Lemma clip_low u v s : u <= v -> s <= u -> clip u v s = u.
Proof. intros. unfold clip, Rmin, Rmax. repeat destruct Rle_dec; lra. Qed.

Lemma clip_high u v s : u <= v -> v <= s -> clip u v s = v.
Proof. intros. unfold clip, Rmin, Rmax. repeat destruct Rle_dec; lra. Qed.

(* [clip (m + G) - clip m] is a sum of [G] unit increments, so the sum over [m] telescopes. *)
Lemma sum_clip_increments u v c (G : nat) lo k : (0 < G)%nat -> u <= v ->
  IZR lo + INR G <= u -> v <= IZR (lo + Z.of_nat k) ->
  sum_Z (fun m => c * (clip u v (IZR m + INR G) - clip u v (IZR m)) / INR G) lo k
  = c * (v - u).
Proof.
  intros HG Huv Hlo Hhi.
  assert (Hg : 0 < INR G) by (apply lt_0_INR; auto).
  set (W := fun s : Z => sum_nat (fun j => clip u v (IZR s + INR j)) G).
  rewrite (sum_Z_telescope _ (fun s => c * W s / INR G)).
  - unfold W.
    rewrite (sum_nat_ext _ (fun _ => v)), (sum_nat_ext (fun j => clip u v _) (fun _ => u)).
    + rewrite !sum_nat_const. field. lra.
    + intros j Hj. apply clip_low; auto. apply lt_INR in Hj. lra.
    + intros j Hj. apply clip_high; auto. pose proof (pos_INR j). lra.
  - intros m. unfold W. rewrite plus_IZR.
    pose proof (sum_nat_succ_sub (fun j => clip u v (IZR m + INR j)) G) as E.
    cbv beta in E. change (INR 0) with 0 in E. rewrite Rplus_0_r in E.
    rewrite (sum_nat_ext (fun j => clip u v (IZR m + 1 + INR j))
                         (fun j => clip u v (IZR m + INR (S j)))).
    + rewrite <- E. field. lra.
    + intros j _. rewrite S_INR. f_equal. ring.
Qed.

Definition row_bond (f : pt -> R) (G : nat) (m n : Z) : R -> R :=
  fun l => f (IZR m + l * INR G, IZR n).

Section RowBonds.
Variables (f : pt -> R) (n : Z) (u v c : R) (G : nat).
Hypothesis Hrow : row_bump f (IZR n) u v c.
Hypothesis HG : (0 < G)%nat.

Lemma row_bond_integrable m : inhabited (Riemann_integrable (row_bond f G m n) 0 1).
Proof.
  destruct (bond_integral f (IZR n) u v c (INR G) (IZR m)) as [pr _]; auto.
  apply lt_0_INR; auto.
Qed.

Lemma row_bond_average m :
  average01 (row_bond f G m n) = c * (clip u v (IZR m + INR G) - clip u v (IZR m)) / INR G.
Proof.
  destruct (bond_integral f (IZR n) u v c (INR G) (IZR m)) as [pr E]; auto.
  - apply lt_0_INR; auto.
  - exact (eq_trans (average01_RiemannInt _ pr) E).
Qed.

Lemma row_bond_average_zero m :
  c * (v - u) = 0 \/ IZR m + INR G <= u \/ v <= IZR m -> average01 (row_bond f G m n) = 0.
Proof.
  intros H. rewrite row_bond_average. destruct Hrow as [Huv _].
  assert (Hg : 0 < INR G) by (apply lt_0_INR; auto).
  destruct H as [H|[H|H]].
  - apply Rmult_integral in H. destruct H as [->|H]; [field; lra|].
    assert (v = u) as -> by lra. unfold clip.
    rewrite !(Rmin_right _ u) by (apply Rmax_r). field. lra.
  - rewrite !clip_low by (auto; lra). field. lra.
  - rewrite !clip_high by (auto; lra). field. lra.
Qed.

Lemma row_bond_sum lo k :
  c * (v - u) = 0 \/ (IZR lo + INR G <= u /\ v <= IZR (lo + Z.of_nat k)) ->
  sum_Z (fun m => average01 (row_bond f G m n)) lo k = c * (v - u).
Proof.
  intros [H|[H1 H2]].
  - rewrite H. unfold sum_Z. rewrite (sum_nat_ext _ (fun _ => 0)), sum_nat_const; [ring|].
    intros j _. apply row_bond_average_zero. auto.
  - rewrite <- (sum_clip_increments u v c G lo k); auto; [|apply Hrow].
    unfold sum_Z. apply sum_nat_ext. intros j _. apply row_bond_average.
Qed.

End RowBonds.

Lemma decP_true (P : Prop) : P -> decP P = true.
Proof. intros H; unfold decP; destruct excluded_middle_informative; tauto. Qed.

Lemma decP_false (P : Prop) : ~ P -> decP P = false.
Proof. intros H; unfold decP; destruct excluded_middle_informative; tauto. Qed.

Definition chi_bary (la lb lc : R) : R :=
  if decP (0 < la /\ 0 < lb /\ 0 < lc) then 1
  else if decP (0 <= la /\ 0 <= lb /\ 0 <= lc) then 1 / 2 else 0.

Lemma chi_bary_swap12 la lb lc : chi_bary lb la lc = chi_bary la lb lc.
Proof. unfold chi_bary, decP; repeat destruct excluded_middle_informative; tauto. Qed.

Lemma chi_bary_swap23 la lb lc : chi_bary la lc lb = chi_bary la lb lc.
Proof. unfold chi_bary, decP; repeat destruct excluded_middle_informative; tauto. Qed.

Definition tri_det (A B C : pt) : R := det2 (psub B A) (psub C A).

(* The vertex values of [chi_tri] play no role in bond integrals. *)
Definition chi_off_vertices (A B C : pt) (f : pt -> R) : Prop :=
  forall X, X <> A -> X <> B -> X <> C ->
    f X = chi_bary (bary_a A B C X) (bary_b A B C X) (bary_c A B C X).

Lemma chi_tri_off_vertices A B C : chi_off_vertices A B C (chi_tri A B C).
Proof. intros X Ha Hb Hc. unfold chi_tri. rewrite !decP_false by auto. reflexivity. Qed.

Definition lerp (m : R) (P Q : pt) : pt :=
  ((1 - m) * fst P + m * fst Q, (1 - m) * snd P + m * snd Q).

Ltac destruct_pts := repeat match goal with p : pt |- _ => destruct p end.
Ltac unfold_bary :=
  unfold bary_a, bary_b, bary_c, tri_det, lerp, det2, psub in *; simpl in *.

Lemma tri_det_swap12 A B C : tri_det B A C = - tri_det A B C.
Proof. destruct_pts. unfold_bary. ring. Qed.

Lemma tri_det_swap23 A B C : tri_det A C B = - tri_det A B C.
Proof. destruct_pts. unfold_bary. ring. Qed.

Lemma bary_lerp A B C (HD : tri_det A B C <> 0) m X Y :
  bary_a A B C (lerp m X Y) = (1 - m) * bary_a A B C X + m * bary_a A B C Y /\
  bary_b A B C (lerp m X Y) = (1 - m) * bary_b A B C X + m * bary_b A B C Y /\
  bary_c A B C (lerp m X Y) = (1 - m) * bary_c A B C X + m * bary_c A B C Y.
Proof. destruct_pts. unfold_bary. (split; [|split]); field; auto. Qed.

Lemma bary_combination A B C (HD : tri_det A B C <> 0) X :
  bary_a A B C X + bary_b A B C X + bary_c A B C X = 1 /\
  bary_a A B C X * fst A + bary_b A B C X * fst B + bary_c A B C X * fst C = fst X /\
  bary_a A B C X * snd A + bary_b A B C X * snd B + bary_c A B C X * snd C = snd X.
Proof. destruct_pts. unfold_bary. (split; [|split]); field; auto. Qed.

Lemma bary_vertex_A A B C (HD : tri_det A B C <> 0) :
  bary_a A B C A = 1 /\ bary_b A B C A = 0 /\ bary_c A B C A = 0.
Proof. destruct_pts. unfold_bary. (split; [|split]); field; auto. Qed.

Lemma bary_vertex_B A B C (HD : tri_det A B C <> 0) :
  bary_a A B C B = 0 /\ bary_b A B C B = 1 /\ bary_c A B C B = 0.
Proof. destruct_pts. unfold_bary. (split; [|split]); field; auto. Qed.

Lemma bary_vertex_C A B C (HD : tri_det A B C <> 0) :
  bary_a A B C C = 0 /\ bary_b A B C C = 0 /\ bary_c A B C C = 1.
Proof. destruct_pts. unfold_bary. (split; [|split]); field; auto. Qed.

Section Barycentric.
Variables A B C : pt.
Hypothesis HD : tri_det A B C <> 0.

Lemma bary_lerp_AB m :
  bary_a A B C (lerp m A B) = 1 - m /\ bary_b A B C (lerp m A B) = m /\
  bary_c A B C (lerp m A B) = 0.
Proof.
  destruct (bary_lerp A B C HD m A B) as (->&->&->).
  destruct (bary_vertex_A A B C HD) as (->&->&->), (bary_vertex_B A B C HD) as (->&->&->).
  split; [|split]; ring.
Qed.

Lemma bary_lerp_AC m :
  bary_a A B C (lerp m A C) = 1 - m /\ bary_b A B C (lerp m A C) = 0 /\
  bary_c A B C (lerp m A C) = m.
Proof.
  destruct (bary_lerp A B C HD m A C) as (->&->&->).
  destruct (bary_vertex_A A B C HD) as (->&->&->), (bary_vertex_C A B C HD) as (->&->&->).
  split; [|split]; ring.
Qed.

Lemma bary_not_vertex X :
  (0 < bary_a A B C X /\ 0 < bary_b A B C X) \/ (0 < bary_a A B C X /\ 0 < bary_c A B C X) \/
  (0 < bary_b A B C X /\ 0 < bary_c A B C X) \/
  bary_a A B C X < 0 \/ bary_b A B C X < 0 \/ bary_c A B C X < 0 ->
  X <> A /\ X <> B /\ X <> C.
Proof.
  intros H. destruct (bary_vertex_A A B C HD) as (?&?&?), (bary_vertex_B A B C HD) as (?&?&?),
    (bary_vertex_C A B C HD) as (?&?&?).
  split; [|split]; intros ->; lra.
Qed.

Variable f : pt -> R.
Hypothesis Hf : chi_off_vertices A B C f.

Lemma chi_off_vertices_interior X :
  0 < bary_a A B C X -> 0 < bary_b A B C X -> 0 < bary_c A B C X -> f X = 1.
Proof.
  intros H1 H2 H3. destruct (bary_not_vertex X) as (?&?&?); [tauto|].
  rewrite Hf by auto. unfold chi_bary. rewrite decP_true by auto. reflexivity.
Qed.

Lemma chi_off_vertices_edge_AB X :
  0 < bary_a A B C X -> 0 < bary_b A B C X -> bary_c A B C X = 0 -> f X = 1 / 2.
Proof.
  intros H1 H2 H3. destruct (bary_not_vertex X) as (?&?&?); [tauto|].
  rewrite Hf by auto. unfold chi_bary. rewrite decP_false, decP_true by lra. reflexivity.
Qed.

Lemma chi_off_vertices_exterior X :
  bary_a A B C X < 0 \/ bary_b A B C X < 0 \/ bary_c A B C X < 0 -> f X = 0.
Proof.
  intros H. destruct (bary_not_vertex X) as (?&?&?); [tauto|].
  rewrite Hf by auto. unfold chi_bary. rewrite !decP_false by lra. reflexivity.
Qed.

End Barycentric.

Lemma tri_det_rotate A B C : tri_det B C A = tri_det A B C.
Proof. destruct_pts. unfold_bary. ring. Qed.

Lemma tri_det_reverse A B C : tri_det C B A = - tri_det A B C.
Proof. destruct_pts. unfold_bary. ring. Qed.

Lemma chi_off_vertices_swap12 A B C f : tri_det A B C <> 0 ->
  chi_off_vertices A B C f -> chi_off_vertices B A C f.
Proof.
  intros HD H X H1 H2 H3. rewrite H, <- chi_bary_swap12 by auto.
  f_equal; destruct_pts; unfold_bary; field; split; auto; intro; apply HD; lra.
Qed.

Lemma chi_off_vertices_swap23 A B C f : tri_det A B C <> 0 ->
  chi_off_vertices A B C f -> chi_off_vertices A C B f.
Proof.
  intros HD H X H1 H2 H3. rewrite H, <- chi_bary_swap23 by auto.
  f_equal; destruct_pts; unfold_bary; field; split; auto; intro; apply HD; lra.
Qed.

Lemma chi_off_vertices_rotate A B C f : tri_det A B C <> 0 ->
  chi_off_vertices A B C f -> chi_off_vertices B C A f.
Proof.
  intros HD H. apply chi_off_vertices_swap23; [rewrite tri_det_swap12; lra|].
  apply chi_off_vertices_swap12; auto.
Qed.

Lemma chi_off_vertices_reverse A B C f : tri_det A B C <> 0 ->
  chi_off_vertices A B C f -> chi_off_vertices C B A f.
Proof.
  intros HD H. apply chi_off_vertices_swap23; [rewrite tri_det_rotate, tri_det_rotate; auto|].
  apply chi_off_vertices_rotate; [rewrite tri_det_rotate; auto|].
  apply chi_off_vertices_rotate; auto.
Qed.

Lemma Rmax_minus_Rmin a b : Rmax a b - Rmin a b = Rabs (a - b).
Proof. unfold Rmax, Rmin, Rabs; destruct Rle_dec, Rcase_abs; lra. Qed.

Lemma Rabs_le_bounds x y : Rabs x <= y -> -y <= x <= y.
Proof. unfold Rabs; destruct Rcase_abs; lra. Qed.

Lemma lerp_fst_bound Bd m P Q : 0 <= m <= 1 -> Rabs (fst P) <= Bd -> Rabs (fst Q) <= Bd ->
  -Bd <= fst (lerp m P Q) <= Bd.
Proof.
  unfold lerp, Rabs; simpl; intros Hm HP HQ.
  destruct (Rcase_abs (fst P)), (Rcase_abs (fst Q)); split; nra.
Qed.

Lemma row_bump_single f n p : (forall t, t <> p -> f (t, n) = 0) -> row_bump f n p p 0.
Proof.
  intros H. split; [lra|]. intros t Ht _. rewrite H by auto.
  unfold bump. repeat destruct Rlt_dec; lra.
Qed.

Lemma row_bump_lerp f X1 X2 c : fst X1 <> fst X2 -> snd X1 = snd X2 ->
  (forall th, 0 < th < 1 -> f (lerp th X1 X2) = c) ->
  (forall th, th < 0 \/ 1 < th -> f (lerp th X1 X2) = 0) ->
  row_bump f (snd X1) (Rmin (fst X1) (fst X2)) (Rmax (fst X1) (fst X2)) c.
Proof.
  destruct X1 as [x1 n], X2 as [x2 n']; simpl. intros Hx <- Hin Hout.
  split; [apply Rminmax|]. intros t Hu Hv.
  set (th := (t - x1) / (x2 - x1)).
  assert (E : (t, n) = lerp th (x1, n) (x2, n)) by (unfold lerp, th; simpl; f_equal; field; lra).
  assert (Ht : t = x1 + th * (x2 - x1)) by (unfold th; field; lra).
  rewrite E. unfold bump, Rmin, Rmax in *.
  destruct (Rle_dec x1 x2).
  - destruct (Rlt_dec x1 t), (Rlt_dec t x2); first [apply Hin | apply Hout | exfalso]; nra.
  - destruct (Rlt_dec x2 t), (Rlt_dec t x1); first [apply Hin | apply Hout | exfalso]; nra.
Qed.

Section Chords.
Variables (A B C : pt) (f : pt -> R) (Bd : R).
Hypothesis HD : tri_det A B C <> 0.
Hypothesis Hf : chi_off_vertices A B C f.
Hypotheses (HA : Rabs (fst A) <= Bd) (HB : Rabs (fst B) <= Bd) (HC : Rabs (fst C) <= Bd).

— TASK TO COMPLETE —
Pull out all lines from the entries above in which the word "Barycentric" appears.

— ANSWER TO THIS EXERCISE —
Section Barycentric.
End Barycentric.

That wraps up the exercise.